One element that is frequently overlooked in the design of the lower housings is a means by which to detect the orientation of the part when employing automated assembly processes. The upper housings are generally easy to orient, as they typically have openings through the part (sample well and read window) that can be easily identified with optical sensors; but the lower housings are usually relatively flat and symmetric parts. For this reason, the lower housings are generally much more difficult to orient automatically and at high speed. It is very important, therefore, to provide a defining feature. This feature must be prominent and it must be located in an asymmetric position on the housing. The feature should be located on the top surface of the part and it should include a height difference from the floor of the housing of at least 0.080 in (2 mm) so that it can be easily detected by an optical sensor even if the part has some warpage.
As discussed previously for the lower housing, the upper housing should also be rectangular. As for the lower housing, the upper housing should also include raised edges to help maintain flatness and provide some stiffness. The housing should be designed such that when placed on a flat surface with its open side down (the side that mates to the lower housing), it is stable and does not rock. As with the pins on the lower housing, the mating sockets on the upper housing should include a lead-in chamfer of approx 0.010 in x 45°
Fig. 3. Three types of housing design.
(0.25 mm x 45°). These chamfers on the pins and sockets will provide easier alignment of the housings during the assembly process. These pins and sockets are the main structures that hold the assembly together. The fit of the pins into the sockets must be worked out very carefully with the housing designer and the molder. If the fit is too tight, the pins will break during the assembly process. If they are too loose, the assembly will not be held together securely enough.
When dimensioning the plastic housings, one edge and one end of the housing should be chosen as the datum edge. This edge should be the same for both the lower and the upper housing (i.e., when the parts are assembled together, the datum edges should be at the same locations on both components).

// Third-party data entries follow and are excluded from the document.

(* Let $n\ge 2$ and let $p(x)=x^{2n+1}-m_{2n}x^{2n}+m_{2n-1}x^{2n-1}+\cdots+m_1x-1$ with $m_j\in\mathbb Z$, and let $x_0,\dots,x_{2n}\in\mathbb C$ be the roots of $p$. If $x_0\in\mathbb R$ is a simple root and $|x_1|=\cdots=|x_{2n}|$, then $x_0=1$ and $|x_j|=1$ for $j=1,\dots,2n$. *)

From mathcomp Require Import all_boot all_order all_algebra all_field.
Set Implicit Arguments.
Unset Strict Implicit.
Unset Printing Implicit Defensive.

(* Let r be the common modulus of x_1, ..., x_2n.  The product of the roots
   is 1, so |x_0| r^(2n) = 1.  If x_0 is rational, then x_0 and its inverse
   x_1 ... x_2n are rational algebraic integers, so |x_0| = 1.  Otherwise an
   automorphism nu of the algebraic numbers maps x_0 to another root, of
   modulus r.  Applying nu to (x_1 x_1^* )^(2n) x_0^2 = 1 and taking moduli,
   with |nu x_1| and |nu x_1^*| each equal to |x_0| = r^(-2n) or to r, gives
   r^(2n(k + l) + 2) = 1 with k, l in {-2n, 1}; the exponent is nonzero as
   n >= 2.  Hence r = 1 and x_0 = +-1.  Finally x_0 = -1 is impossible:
   p'(-1) = prod (-1 - x_i) would be an integer equal to minus its conjugate,
   hence 0, against the simplicity of x_0. *)

From HB Require Import structures.
From mathcomp Require Import all_boot all_order all_algebra all_field.
From mathcomp Require Import zify.
Set Implicit Arguments.
Unset Strict Implicit.
Unset Printing Implicit Defensive.

Import Order.TTheory GRing.Theory Num.Theory.
Local Open Scope ring_scope.

Local Notation pQtoC := (map_poly (ratr : rat -> algC)).

Lemma minCpoly_aut_exists (z y : algC) : root (minCpoly z) y ->
  {nu : {rmorphism algC -> algC} | nu z = y}.
Proof.
move=> qy; have [q [Dq _] dv_q] := minCpolyP z.
have [r Dr] := closed_field_poly_normal (minCpoly z).
rewrite (monicP (minCpoly_monic z)) scale1r in Dr.
have [Qn [QnC [rn Drn genQn]]] := num_field_exists r.
have inQn w : root (minCpoly z) w -> {wn | QnC wn = w}.
  by rewrite Dr root_prod_XsubC -Drn => /mapP/sig2_eqW[wn _ ->]; exists wn.
have [[zn Dz] [yn Dy]] := (inQn z (root_minCpoly z), inQn y qy).
have QnC_rat p : map_poly QnC (map_poly (in_alg Qn) p) = pQtoC p.
  rewrite -map_poly_comp; apply: eq_map_poly => a.
  by rewrite /= rmorphZ_num rmorph1 mulr1.
have min_zn_yn : root (map_poly \1%VF (minPoly 1 zn)) yn.
  have /polyOver1P[q1 Dq1] := minPolyOver 1 zn.
  have : root (pQtoC q1) z.
    by rewrite -Dz -QnC_rat -Dq1 fmorph_root root_minPoly.
  rewrite lfun1_poly -(fmorph_root QnC) Dq1 QnC_rat Dy dv_q.
  by case/dvdpP=> q2 ->; rewrite rmorphM rootM /= -Dq qy orbT.
(* Extend [zn |-> yn] from Q(zn) to the splitting field Qn, then to algC. *)
have hom1 : kHom 1 1 (\1%VF : 'End(Qn)) by rewrite kHom1.
have homf := kHomExtendP (subvv _) hom1 min_zn_yn.
pose qn := map_poly (in_alg Qn) q.
have split_qn : splittingFieldFor <<1; zn>> qn fullv.
  apply: splittingFieldForS (sub1v _) (subvf _) _; exists rn => //.
  congr (_ %= _): (eqpxx qn); apply/(map_poly_inj QnC).
  rewrite QnC_rat -Dq Dr -Drn big_map rmorph_prod /=; apply: eq_bigr => w _.
  by rewrite map_polyXsubC.
have [g homg Dg] := kHom_extends (sub1v _) homf (alg_polyOver _ _) split_qn.
have gM : monoid_morphism g by apply/kHom_monoid_morphism.
pose gRM : {rmorphism Qn -> Qn} :=
  HB.pack (fun_of_lfun g) (GRing.isMonoidMorphism.Build _ _ g gM).
have [nu Dnu] := extend_algC_subfield_aut QnC gRM.
exists nu; rewrite -Dz -Dnu /= -Dg ?memv_adjoin //.
by rewrite (kHomExtend_val hom1 min_zn_yn) Dy.
Qed.

Lemma minCpoly_other_root (x : algC) :
  x \notin Crat -> {y | root (minCpoly x) y & y != x}.
Proof.
move=> xQ; have [r Dr] := closed_field_poly_normal (minCpoly x).
rewrite (monicP (minCpoly_monic x)) scale1r in Dr.
have [/hasP/sig2_eqW[y ry yx] | ] := boolP (has (predC1 x) r).
  by exists y; rewrite // Dr root_prod_XsubC.
rewrite -all_predC => /allP r_x; case/negP: xQ.
have [q [Dq _] _] := minCpolyP x.
have r_neq0 : size r != 0%N.
  by have := size_minCpoly x; rewrite Dr size_prod_XsubC; case: (size r).
(* All roots equal x, so the subleading coefficient of minCpoly x is -d x. *)
have := coefPn_prod_XsubC r_neq0; rewrite -Dr Dq coef_map /=.
rewrite (eq_big_seq (fun _ => x)) => [|w /r_x]; last first.
  by rewrite /= negbK => /eqP.
rewrite big_const_seq count_predT iter_addr_0 => Ex.
have -> : x = - ratr q`_(size r).-1 / (size r)%:R.
  by rewrite Ex opprK -[x *+ _]mulr_natr mulfK // pnatr_eq0.
by rewrite rpredM ?rpredN ?rpredV ?rpred_nat ?Crat_rat.
Qed.

Lemma Crat_Aint_unit_norm1 (x y : algC) :
  x \in Crat -> x \in Aint -> y \in Aint -> x * y = 1 -> `|x| = 1.
Proof.
move=> xQ xA yA xy1.
have [x_neq0 y_neq0] : x != 0 /\ y != 0.
  by apply/andP; rewrite -negb_or -mulf_eq0 xy1 oner_neq0.
have yQ : y \in Crat by rewrite -(mulKf x_neq0 y) xy1 mulr1 rpredV.
have [xZ yZ] := (Cint_rat_Aint xQ xA, Cint_rat_Aint yQ yA).
apply/eqP; rewrite eq_le norm_intr_ge1 // andbT.
by rewrite -(normr1 algC) -xy1 normrM ler_peMr ?norm_intr_ge1.
Qed.

Lemma conjC_prod_Nsub1 (C : numClosedFieldType) (I : finType) (y : I -> C) :
  (forall i, `|y i| = 1) ->
  (\prod_i (-1 - y i))^* = (\prod_i (-1 - y i)) / \prod_i y i.
Proof.
move=> y1; rewrite rmorph_prod -prodf_div; apply: eq_bigr => i _.
have yi_neq0 : y i != 0 by rewrite -normr_eq0 y1 oner_neq0.
apply: (mulIf yi_neq0); rewrite divfK // rmorphB rmorphN1 mulrBl -normCKC y1.
by rewrite expr1n mulN1r addrC.
Qed.

Lemma two_moduli_eq1 (F : numFieldType) (n : nat) (a r b c : F) :
  (2 <= n)%N -> 0 < r -> a * r ^+ (2 * n) = 1 ->
  b \in [:: a; r] -> c \in [:: a; r] -> (b * c) ^+ (2 * n) * r ^+ 2 = 1 ->
  r = 1.
Proof.
move=> n_ge2 r_gt0 ar1; have r_neq0 := lt0r_neq0 r_gt0.
have Ea : a = r ^ (- (2 * n)%:Z).
  have rn_neq0 : r ^+ (2 * n) != 0 by rewrite expf_neq0.
  by apply: (mulIf rn_neq0); rewrite ar1 -exprnN mulVf.
have exprz_mem e : e \in [:: a; r] ->
    exists2 k : int, k \in [:: - (2 * n)%:Z; 1] & e = r ^ k.
  by rewrite !inE => /orP[]/eqP->; [exists (- (2 * n)%:Z) | exists 1];
    rewrite ?inE ?eqxx ?orbT.
move=> /exprz_mem[k k_mem ->] /exprz_mem[l l_mem ->].
rewrite -expfzDr // !exprnP exprz_exp -expfzDr // => /eqP.
rewrite pexprz_eq1 ?ltW // => /orP[/eqP | /eqP //].
by move: k_mem l_mem; rewrite !inE => /orP[]/eqP-> /orP[]/eqP-> ?; exfalso; nia.
Qed.

Lemma root_intr_aut (nu : {rmorphism algC -> algC}) (p : {poly int}) a :
  root (map_poly intr p) (nu a) = root (map_poly intr p) a.
Proof.
have nu_p : map_poly nu (map_poly intr p) = map_poly intr p.
  by rewrite -map_poly_comp; apply: eq_map_poly => b /=; rewrite rmorph_int.
by rewrite -{1}nu_p fmorph_root.
Qed.

Section EqualModulusRoots.

Variables (n : nat) (p : {poly int}) (x : 'I_(2 * n).+1 -> algC).
Local Notation P := (map_poly (intr : int -> algC) p).
Local Notation x0 := (x ord0).
Local Notation r := `|x (inord 1)|.

Hypotheses (n_ge2 : (2 <= n)%N) (p_monic : p \is monic) (p0 : p`_0 = -1).
Hypothesis P_factor : P = \prod_(i < (2 * n).+1) ('X - (x i)%:P).
Hypothesis x0_real : x0 \is Num.real.
Hypothesis x0_simple : forall i, i != ord0 -> x i != x0.
Hypothesis norm_x_eq : forall i j, i != ord0 -> j != ord0 -> `|x i| = `|x j|.

Lemma root_P_x i : root P (x i).
Proof.
rewrite P_factor -(big_map x predT (fun z => 'X - z%:P)) root_prod_XsubC.
by rewrite map_f ?mem_index_enum.
Qed.

Lemma root_P_exists a : root P a -> exists i, a = x i.
Proof.
rewrite P_factor -(big_map x predT (fun z => 'X - z%:P)) root_prod_XsubC.
by case/mapP=> i _ ->; exists i.
Qed.

Lemma norm_x i : i != ord0 -> `|x i| = r.
Proof.
move=> i_neq0; apply: norm_x_eq; rewrite // -val_eqE /= inordK //.
by rewrite ltnS muln_gt0 (ltnW n_ge2).
Qed.

Lemma norm_root_neq a : root P a -> a != x0 -> `|a| = r.
Proof.
case/root_P_exists=> i ->; have [-> | /norm_x //] := eqVneq i ord0.
by rewrite eqxx.
Qed.

Lemma norm_root_mem a : root P a -> `|a| \in [:: `|x0|; r].
Proof.
move=> Pa; have [-> | a_neq] := eqVneq a x0; first by rewrite mem_head.
by rewrite norm_root_neq // !inE eqxx orbT.
Qed.

Lemma Aint_root a : root P a -> a \in Aint.
Proof.
move/root_monic_Aint; apply; first exact: monic_map.
by apply/polyOverP => i; rewrite coef_map intr_int.
Qed.

Lemma prod_roots : x0 * \prod_(i < 2 * n) x (lift ord0 i) = 1.
Proof.
have := congr1 (horner^~ 0) P_factor; rewrite /= horner_coef0 coef_map p0.
rewrite horner_prod (eq_bigr (fun i => - x i)) => [|i _]; last first.
  by rewrite hornerXsubC sub0r.
rewrite prodrN card_ord big_ord_recl exprS exprM sqrrN !expr1n mulr1 mulN1r.
by move/eqP; rewrite raddfN /= eqr_opp => /eqP <-.
Qed.

Lemma norm_x0 : `|x0| * r ^+ (2 * n) = 1.
Proof.
have := congr1 Num.norm prod_roots; rewrite normrM normr1 normr_prod.
rewrite (eq_bigr (fun _ => r)) => [|i _]; last by rewrite norm_x // neq_lift.
by rewrite prodr_const card_ord.
Qed.

Lemma r_gt0 : 0 < r.
Proof.
rewrite lt_def normr_ge0 andbT; apply: contra_eq_neq norm_x0 => ->.
by rewrite expr0n gtn_eqF ?mulr0 1?eq_sym ?oner_neq0 // muln_gt0 (ltnW n_ge2).
Qed.

Lemma r_eq1_rat : x0 \in Crat -> r = 1.
Proof.
move=> x0Q; have prodA : \prod_(i < 2 * n) x (lift ord0 i) \in Aint.
  by apply: rpred_prod => i _; apply/Aint_root/root_P_x.
have := norm_x0; rewrite (Crat_Aint_unit_norm1 x0Q _ prodA prod_roots).
  rewrite mul1r => /eqP.
  by rewrite pexpr_eq1 ?muln_gt0 ?(ltnW n_ge2) // => /eqP.
exact/Aint_root/root_P_x.
Qed.

Lemma r_eq1_irrat : x0 \notin Crat -> r = 1.
Proof.
move=> x0Q; have [y qy y_neq] := minCpoly_other_root x0Q.
have [nu nu_x0] := minCpoly_aut_exists qy.
have root_nu a : root P a -> root P (nu a) by rewrite root_intr_aut.
have norm_y : `|y| = r.
  by rewrite norm_root_neq // -nu_x0 root_nu ?root_P_x.
set z := x (inord 1).
have Ez : (z * z^*) ^+ (2 * n) * x0 ^+ 2 = 1.
  rewrite -normCK -(real_normK x0_real) exprAC mulrC -exprMn.
  by rewrite norm_x0 expr1n.
have /(congr1 (Num.norm \o nu)) := Ez; rewrite /= rmorph1 normr1.
rewrite rmorphM !rmorphXn rmorphM nu_x0 normrM !normrX normrM norm_y.
apply: two_moduli_eq1 n_ge2 r_gt0 norm_x0 _ _; apply: norm_root_mem.
  exact/root_nu/root_P_x.
by apply/root_nu; rewrite (root_intr_aut Num.Def.conjC) root_P_x.
Qed.

Lemma r_eq1 : r = 1.
Proof. by have [/r_eq1_rat | /r_eq1_irrat] := boolP (x0 \in Crat). Qed.

Lemma x0_neqN1 : x0 != -1.
Proof.
apply/eqP => x0N1; pose y i := x (lift ord0 i).
pose G := \prod_(i < 2 * n) ('X - (y i)%:P).
have G_x0 : G.[x0] = P^`().[x0].
  rewrite P_factor big_ord_recl derivM derivXsubC mul1r hornerD hornerM.
  by rewrite hornerXsubC subrr mul0r addr0.
have G_real : G.[x0] \is Num.real.
  rewrite G_x0 x0N1 -(rmorphN1 intr) deriv_map horner_map.
  by rewrite Rreal_int ?intr_int.
have G_prod : G.[x0] = \prod_i (-1 - y i).
  by rewrite horner_prod; apply: eq_bigr => i _; rewrite hornerXsubC x0N1.
have prod_y : \prod_i y i = -1.
  by apply/eqP; rewrite -eqr_oppLR -mulN1r -x0N1 prod_roots.
have y_norm1 i : `|y i| = 1 by rewrite norm_x ?r_eq1 // eq_sym neq_lift.
have := conjC_prod_Nsub1 y_norm1.
rewrite -G_prod prod_y invrN1 mulrN1 (conj_Creal G_real) => /eqP.
rewrite -addr_eq0 -mulr2n mulrn_eq0 /= G_prod => /prodf_eq0[i _].
rewrite subr_eq0 eq_sym -x0N1 => yi_x0.
have li_neq0 : lift ord0 i != ord0 by rewrite eq_sym neq_lift.
by move: (x0_simple li_neq0); rewrite yi_x0.
Qed.

Lemma x0_eq1 : x0 = 1.
Proof.
have norm_x0_1 : `|x0| = 1 by have := norm_x0; rewrite r_eq1 expr1n mulr1.
have := real_normK x0_real; rewrite norm_x0_1 expr1n => /esym/eqP.
by rewrite sqrf_eq1 (negbTE x0_neqN1) orbF => /eqP.
Qed.

End EqualModulusRoots.

Theorem lemma3p5 (n : nat) (p : {poly int}) (x : 'I_(2 * n).+1 -> algC) :
  (2 <= n)%N ->
  p \is monic ->
  size p = (2 * n + 2)%N ->
  p`_0 = -1 ->
  map_poly (intr : int -> algC) p = \prod_(i < (2 * n).+1) ('X - (x i)%:P) ->
  x ord0 \is Num.real ->
  (forall i : 'I_(2 * n).+1, i != ord0 -> x i != x ord0) ->
  (forall i j : 'I_(2 * n).+1, i != ord0 -> j != ord0 -> `|x i| = `|x j|) ->
  x ord0 = 1 /\ (forall i : 'I_(2 * n).+1, i != ord0 -> `|x i| = 1).
Proof.
(* The size of p is already determined by the factorization. *)
move=> n_ge2 p_monic _ p0 P_factor x0_real x0_simple norm_x_eq.
split.
  exact: x0_eq1 n_ge2 p_monic p0 P_factor x0_real x0_simple norm_x_eq.
move=> i /(norm_x n_ge2 norm_x_eq) ->.
exact: r_eq1 n_ge2 p_monic p0 P_factor x0_real norm_x_eq.
Qed.
Lemma continuous_flow t : continuous (v t).
Proof.
case: v_flow => cv _ _ x.
apply: (continuous_comp (f := fun x => (t, x)) (g := fun p => v p.1 p.2)) (cv _).
exact: (cvg_pair (cvg_cst t) cvg_id).
Qed.

Lemma orbit_flow x t : Defs.orbit v x (v t x).
Proof. by exists t. Qed.

Lemma orbit_id x : Defs.orbit v x x.
Proof. by exists 0; rewrite ?flow0. Qed.

Lemma invariant_orbit x : Defs.invariant v (Defs.orbit v x).
Proof. by move=> t _ [s _ <-]; rewrite -flowD; apply: orbit_flow. Qed.

Lemma invariant_closure A : Defs.invariant v A -> Defs.invariant v (closure A).
Proof.
move=> Ainv t x Ax B /(continuous_flow t x) /Ax [y [Ay /= By]].
by exists (v t y); split => //; apply: Ainv.
Qed.

Lemma closure_orbit_subset {A : set S} {x : S} :
  closed A -> Defs.invariant v A -> A x -> closure (Defs.orbit v x) `<=` A.
Proof.
move=> Acl Ainv Ax; rewrite (closure_id A).1 //.
by apply: closureS => _ [t _ <-]; apply: Ainv.
Qed.

Lemma locally_dense_interior {A : set S} {x : S} :
  closed A -> Defs.invariant v A -> A x -> locally_dense v x -> A° x.
Proof.
move=> Acl Ainv Ax [z Oz].
have Oz_nbhs : nbhs z (closure (Defs.orbit v x))°.
  by apply: open_nbhs_nbhs; split=> //; exact: open_interior.
have [_ [[t _ <-] Ot]] := interior_subset Oz _ Oz_nbhs.
have Ot_pre : nbhs x (v t @^-1` closure (Defs.orbit v x)) := continuous_flow t x _ Ot.
apply: filterS Ot_pre => y /= /(closure_orbit_subset Acl Ainv Ax).
by move=> /(Ainv (- t)); rewrite flowK.
Qed.

Lemma LD_setT_minimal : connected [set: S] -> LD v = [set: S] -> minimal_flow v.
Proof.
move=> Sconn LDT A Acl Ainv; have [->|/set0P[x Ax]] := eqVneq A set0; first by left.
right; apply: Sconn; first by exists x.
  exists A; rewrite ?setTI // openE => y Ay.
  by apply: locally_dense_interior => //; have [] : LD v y by rewrite LDT.
by exists A; rewrite ?setTI.
Qed.

Lemma flow_period_mulz {d : R} {x : S} (k : int) : v d x = x -> v (k%:~R * d) x = x.
Proof.
move=> vd; have vn n : v (n%:R * d) x = x.
  by elim: n => [|n IH]; rewrite ?mul0r ?flow0 // mulrSr mulrDl mul1r flowD vd IH.
case: k => n; first by rewrite -pmulrn vn.
by rewrite NegzE mulrNz mulNr -[in LHS](vn n.+1) -pmulrn flowK.
Qed.
Definition l (i : nat) (P : pt) : pt :=
  match i with
  | 1%nat => lA (lam1 P) (-1) (Kc P) P
  | 2%nat => vec6 0 (P 3%nat / Mc P) (- P 2%nat / Mc P) 0
                  (- (P 3%nat / lam2 P) / Mc P) ((P 2%nat / lam2 P) / Mc P)
  | 3%nat => lA (lam3 P) (-1) (Nc P) P
  | 4%nat => lA (lam3 P) 1 (Nc P) P
  | 5%nat => vec6 0 (P 3%nat / Mc P) (- P 2%nat / Mc P) 0
                  ((P 3%nat / lam2 P) / Mc P) (- (P 2%nat / lam2 P) / Mc P)
  | 6%nat => lA (lam1 P) 1 (Kc P) P
  | _ => fun _ => 0 end.

Definition dirD (rf sf : pt -> pt) (P : pt) : pt :=
  fun k => sum6 (fun j => sf P j * pd (fun Q => rf Q k) P j).

Definition ccoef (i m : nat) (P : pt) : R :=
  sum6 (fun j => pd (lam i) P j * r m P j).

Definition gamma (i k m : nat) (P : pt) : R :=
  if Nat.eqb k i then
    - (lam i P - lam m P) *
      dot6 (l i P) (fun n => dirD (r i) (r m) P n - dirD (r m) (r i) P n)
  else
    - (lam k P - lam m P) * dot6 (l i P) (dirD (r k) (r m) P).

End Sys.

(* Everything is invariant under rotations of (phi_2, phi_3): lambda_3 depends only on phi_1
   and rho = phi_2^2 + phi_3^2, the components of r_3 and r_4 have the form
   H(phi_1, rho) (alpha + beta phi_2 + gamma phi_3), and r_2 and r_5 point along the
   rotation field (0, phi_3, -phi_2, ...).  Differentiating along r_2 or r_5 therefore kills
   lambda_3 and merely rotates r_3 and r_4, and the remaining derivatives only involve
   d lambda_2 / d phi_1 = sigma_1 / lambda_2.  The coefficients then become rational
   expressions in lambda_2, lambda_3 (using b = lambda_2^2): they vanish identically for
   w^1, w^3, w^4, w^6, and for w^2, w^5 they are (lambda_2 - lambda_3) times a factor that
   stays bounded on a small ball, where lambda_2 is bounded below and lambda_3 above. *)

From Pilot Require Import Defs.
From Stdlib Require Import Reals Lra ClassicalEpsilon.
From Coquelicot Require Import Coquelicot.
Open Scope R_scope.

(* [dirD rf sf P k] is definitionally [dderiv (fun Q => rf Q k) (sf P) P]. *)
Definition dderiv (g : pt -> R) (v P : pt) : R := sum6 (fun j => v j * pd g P j).

Definition rho (P : pt) : R := P 2%nat ^ 2 + P 3%nat ^ 2.

Lemma pd_is_derive (f : pt -> R) (P : pt) (j : nat) (l : R) :
  is_derive (fun t => f (shift P j t)) 0 l -> pd f P j = l.
Proof.
  intros Hl. apply is_derive_Reals in Hl.
  unfold pd. apply (uniqueness_limite (fun t => f (shift P j t)) 0); [|exact Hl].
  apply epsilon_spec. exists l. exact Hl.
Qed.

Lemma pd_of_first_three (f : pt -> R) (F : R -> R -> R -> R) (P : pt) (j : nat) :
  (forall Q, f Q = F (Q 1%nat) (Q 2%nat) (Q 3%nat)) ->
  (j = 4 \/ j = 5 \/ j = 6)%nat -> pd f P j = 0.
Proof.
  intros Hf Hj. apply pd_is_derive.
  apply is_derive_ext with (f := fun _ => f P); [|exact (is_derive_const _ 0)].
  intro t. rewrite !Hf. destruct Hj as [-> | [-> | ->]]; reflexivity.
Qed.

Lemma is_derive_comp_mult (h g m : R -> R) (g0 h' g' m' l : R) :
  g 0 = g0 -> l = h' * g' * m 0 + h g0 * m' ->
  is_derive h g0 h' -> is_derive g 0 g' -> is_derive m 0 m' ->
  is_derive (fun t => h (g t) * m t) 0 l.
Proof.
  intros <- -> Hh Hg Hm.
  assert (Hhg := is_derive_comp h g 0 h' g' Hh Hg).
  apply (is_derive_ext _ _ _ _ (fun t => eq_refl)).
  replace (h' * g' * m 0 + h (g 0) * m')
    with (plus (mult (scal g' h') (m 0)) (mult (h (g 0)) m')).
  - exact (is_derive_mult _ _ _ _ _ Hhg Hm Rmult_comm).
  - unfold plus, mult, scal; simpl. unfold mult; simpl. ring.
Qed.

One very important dimension on the plastic parts—one that it seems is quite often overlooked—is a flatness specification. When plastic parts are molded, they can twist and warp if the mold process is not controlled properly. Warped parts are difficult to process at high speeds in automatic equipment and can cause frequent and annoying machine jams. A reasonable flatness specification for molded housing components should be in the range of 0.03 inch (0.75 mm). This means that when the plastic part is laid on a flat surface, the part should not bow or rock by more than this amount.